Lemma half_width_sqr : d ^+ 2 = 2 / k + g ^+ 2.
Proof.
have [m_gt0 m_eq] := m_spec; move: (lt_mu1L1) (le_L1mu2) (mu1_gt0) => ? ? ?.
have k_widths : k * ((L1 - mu1) * (mu2 - mu1)) = 2.
  by rewrite mulrAC m_eq; field; rewrite !gt_eqF //; lra.
have k_neq0 : k != 0 by rewrite gt_eqF ?sigma2_scale_gt0.
have -> : 2 / k = (L1 - mu1) * (mu2 - mu1).
  by apply: (mulfI k_neq0); rewrite k_widths (mulrC k) divfK.
by field.
Qed.

Lemma Lam_iff x : Lam mu1 L1 mu2 L2 x <-> g <= `|x - c| <= d.
Proof.
move: (eq_widths) (lt_mu1L1) (le_L1mu2) (lt_mu2L2) => ? ? ? ?.
rewrite /Lam; split.
- case=> /andP[x_lo x_hi].
    by rewrite ler0_norm ?subr_le0; [apply/andP; split|]; lra.
  by rewrite ger0_norm ?subr_ge0; [apply/andP; split|]; lra.
- have [xc|xc] := leP ((L1 + mu2) / 2) x.
    by rewrite ger0_norm ?subr_ge0 // => /andP[? ?]; right; apply/andP; split; lra.
  by rewrite ltr0_norm ?subr_lt0 // => /andP[? ?]; left; apply/andP; split; lra.
Qed.

End TwoIntervals.

Lemma size_sigma2 (R : realType) (mu1 L1 mu2 L2 : R) :
  (size (sigma2 mu1 L1 mu2 L2) <= 3)%N.
Proof.
have size_lin (a b : R) : (size (a%:P - b *: 'X)%R <= 2)%N.
  rewrite (leq_trans (size_polyD _ _)) // size_polyN geq_max.
  rewrite (leq_trans (size_polyC_leq1 _)) //.
  by rewrite (leq_trans (size_scale_leq _ _)) ?size_polyX.
rewrite /sigma2 (leq_trans (size_polyD _ _)) // size_polyN size_poly1 geq_max andbT.
rewrite (leq_trans (size_scale_leq _ _)) // (leq_trans (size_polyMleq _ _)) //.
by move: (size_lin (1 + m_ mu1 L1 mu2 L2) ((1 + m_ mu1 L1 mu2 L2) / L1))
  (size_lin (1 + m_ mu1 L1 mu2 L2) ((1 + m_ mu1 L1 mu2 L2) / mu2)); lia.
Qed.

Section ExtremalPolynomial.
Variables (R : realType) (mu1 L1 mu2 L2 : R) (n : nat).
Hypotheses (mu1_gt0 : 0 < mu1) (lt_mu1L1 : mu1 < L1) (le_L1mu2 : L1 <= mu2)
  (lt_mu2L2 : mu2 < L2) (eq_widths : L1 - mu1 = L2 - mu2) (n_gt0 : (0 < n)%N).

Local Notation m := (m_ mu1 L1 mu2 L2).
Local Notation k := ((1 + m) ^+ 2 / (2 * m * (L1 * mu2))).
Local Notation c := ((L1 + mu2) / 2).
Local Notation g := ((mu2 - L1) / 2).
Local Notation d := ((L1 + mu2) / 2 - mu1).
Local Notation Q := (Qopt mu1 L1 mu2 L2 n).
Local Notation E := ((cheb R n).[(sigma2 mu1 L1 mu2 L2).[0]])^-1.

Let k_gt0 := sigma2_scale_gt0 mu1_gt0 lt_mu1L1 le_L1mu2 lt_mu2L2 eq_widths.
Let g_ge0 : 0 <= g. Proof. by rewrite divr_ge0 // subr_ge0. Qed.
Let d_ge0 : 0 <= d. Proof. by move: (lt_mu1L1) (le_L1mu2) => ? ?; lra. Qed.
Let d_sqr := half_width_sqr mu1_gt0 lt_mu1L1 le_L1mu2 lt_mu2L2 eq_widths.

Lemma level_gt0 : 0 < E.
Proof.
by rewrite invr_gt0 (lt_le_trans ltr01) // cheb_ge1 // sigma2_0_ge1.
Qed.

Lemma horner_Qopt x : Q.[x] = E * (cheb R n).[quad k c g x].
Proof.
by rewrite /Qopt /= hornerZ horner_comp [(sigma2 _ _ _ _).[x]]horner_sigma2.
Qed.

Lemma horner_Qopt0 : Q.[0] = 1.
Proof.
by rewrite /Qopt /= hornerZ horner_comp mulVf // gt_eqF // -invr_gt0 level_gt0.
Qed.

Lemma size_Qopt : (size Q <= (2 * n).+1)%N.
Proof.
rewrite (leq_trans (size_scale_leq _ _)) // (leq_trans (size_comp_poly_leq _ _)) //.
rewrite ltnS mulnC leq_mul //.
- by case: (size _) (size_sigma2 mu1 L1 mu2 L2).
- by case: (size _) (size_cheb R n).
Qed.

Lemma norm_Qopt_le x : Lam mu1 L1 mu2 L2 x -> `|Q.[x]| <= E.
Proof.
move=> /(Lam_iff lt_mu1L1 le_L1mu2 lt_mu2L2 eq_widths) x_mem.
rewrite horner_Qopt normrM gtr0_norm ?level_gt0 //.
apply: ler_piMr; first exact/ltW/level_gt0.
exact/norm_cheb_le1/(quad_bound k_gt0 g_ge0 d_ge0 d_sqr).
Qed.

Lemma quad_root_mem s : -1 <= s <= 1 ->
  mu1 <= c - quad_root k g s <= L1 /\ mu2 <= c + quad_root k g s <= L2.
Proof.
move=> /(quad_root_bound k_gt0 g_ge0 d_ge0 d_sqr) /andP[q_ge q_le].
by move: (eq_widths); split; apply/andP; split; lra.
Qed.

▶ _Work task_: Exact reproduction of the entire listing is required.

▶ _Reply_:
Lemma half_width_sqr : d ^+ 2 = 2 / k + g ^+ 2.
Proof.
have [m_gt0 m_eq] := m_spec; move: (lt_mu1L1) (le_L1mu2) (mu1_gt0) => ? ? ?.
have k_widths : k * ((L1 - mu1) * (mu2 - mu1)) = 2.
  by rewrite mulrAC m_eq; field; rewrite !gt_eqF //; lra.
have k_neq0 : k != 0 by rewrite gt_eqF ?sigma2_scale_gt0.
have -> : 2 / k = (L1 - mu1) * (mu2 - mu1).
  by apply: (mulfI k_neq0); rewrite k_widths (mulrC k) divfK.
by field.
Qed.

Lemma Lam_iff x : Lam mu1 L1 mu2 L2 x <-> g <= `|x - c| <= d.
Proof.
move: (eq_widths) (lt_mu1L1) (le_L1mu2) (lt_mu2L2) => ? ? ? ?.
rewrite /Lam; split.
- case=> /andP[x_lo x_hi].
    by rewrite ler0_norm ?subr_le0; [apply/andP; split|]; lra.
  by rewrite ger0_norm ?subr_ge0; [apply/andP; split|]; lra.
- have [xc|xc] := leP ((L1 + mu2) / 2) x.
    by rewrite ger0_norm ?subr_ge0 // => /andP[? ?]; right; apply/andP; split; lra.
  by rewrite ltr0_norm ?subr_lt0 // => /andP[? ?]; left; apply/andP; split; lra.
Qed.

End TwoIntervals.

Lemma size_sigma2 (R : realType) (mu1 L1 mu2 L2 : R) :
  (size (sigma2 mu1 L1 mu2 L2) <= 3)%N.
Proof.
have size_lin (a b : R) : (size (a%:P - b *: 'X)%R <= 2)%N.
  rewrite (leq_trans (size_polyD _ _)) // size_polyN geq_max.
  rewrite (leq_trans (size_polyC_leq1 _)) //.
  by rewrite (leq_trans (size_scale_leq _ _)) ?size_polyX.
rewrite /sigma2 (leq_trans (size_polyD _ _)) // size_polyN size_poly1 geq_max andbT.
rewrite (leq_trans (size_scale_leq _ _)) // (leq_trans (size_polyMleq _ _)) //.
by move: (size_lin (1 + m_ mu1 L1 mu2 L2) ((1 + m_ mu1 L1 mu2 L2) / L1))
  (size_lin (1 + m_ mu1 L1 mu2 L2) ((1 + m_ mu1 L1 mu2 L2) / mu2)); lia.
Qed.

Section ExtremalPolynomial.
Variables (R : realType) (mu1 L1 mu2 L2 : R) (n : nat).
Hypotheses (mu1_gt0 : 0 < mu1) (lt_mu1L1 : mu1 < L1) (le_L1mu2 : L1 <= mu2)
  (lt_mu2L2 : mu2 < L2) (eq_widths : L1 - mu1 = L2 - mu2) (n_gt0 : (0 < n)%N).

Local Notation m := (m_ mu1 L1 mu2 L2).
Local Notation k := ((1 + m) ^+ 2 / (2 * m * (L1 * mu2))).
Local Notation c := ((L1 + mu2) / 2).
Local Notation g := ((mu2 - L1) / 2).
Local Notation d := ((L1 + mu2) / 2 - mu1).
Local Notation Q := (Qopt mu1 L1 mu2 L2 n).
Local Notation E := ((cheb R n).[(sigma2 mu1 L1 mu2 L2).[0]])^-1.

Let k_gt0 := sigma2_scale_gt0 mu1_gt0 lt_mu1L1 le_L1mu2 lt_mu2L2 eq_widths.
Let g_ge0 : 0 <= g. Proof. by rewrite divr_ge0 // subr_ge0. Qed.
Let d_ge0 : 0 <= d. Proof. by move: (lt_mu1L1) (le_L1mu2) => ? ?; lra. Qed.
Let d_sqr := half_width_sqr mu1_gt0 lt_mu1L1 le_L1mu2 lt_mu2L2 eq_widths.

Lemma level_gt0 : 0 < E.
Proof.
by rewrite invr_gt0 (lt_le_trans ltr01) // cheb_ge1 // sigma2_0_ge1.
Qed.

Lemma horner_Qopt x : Q.[x] = E * (cheb R n).[quad k c g x].
Proof.
by rewrite /Qopt /= hornerZ horner_comp [(sigma2 _ _ _ _).[x]]horner_sigma2.
Qed.

Lemma horner_Qopt0 : Q.[0] = 1.
Proof.
by rewrite /Qopt /= hornerZ horner_comp mulVf // gt_eqF // -invr_gt0 level_gt0.
Qed.

Lemma size_Qopt : (size Q <= (2 * n).+1)%N.
Proof.
rewrite (leq_trans (size_scale_leq _ _)) // (leq_trans (size_comp_poly_leq _ _)) //.
rewrite ltnS mulnC leq_mul //.
- by case: (size _) (size_sigma2 mu1 L1 mu2 L2).
- by case: (size _) (size_cheb R n).
Qed.

Lemma norm_Qopt_le x : Lam mu1 L1 mu2 L2 x -> `|Q.[x]| <= E.
Proof.
move=> /(Lam_iff lt_mu1L1 le_L1mu2 lt_mu2L2 eq_widths) x_mem.
rewrite horner_Qopt normrM gtr0_norm ?level_gt0 //.
apply: ler_piMr; first exact/ltW/level_gt0.
exact/norm_cheb_le1/(quad_bound k_gt0 g_ge0 d_ge0 d_sqr).
Qed.

Lemma quad_root_mem s : -1 <= s <= 1 ->
  mu1 <= c - quad_root k g s <= L1 /\ mu2 <= c + quad_root k g s <= L2.
Proof.
move=> /(quad_root_bound k_gt0 g_ge0 d_ge0 d_sqr) /andP[q_ge q_le].
by move: (eq_widths); split; apply/andP; split; lra.
Qed.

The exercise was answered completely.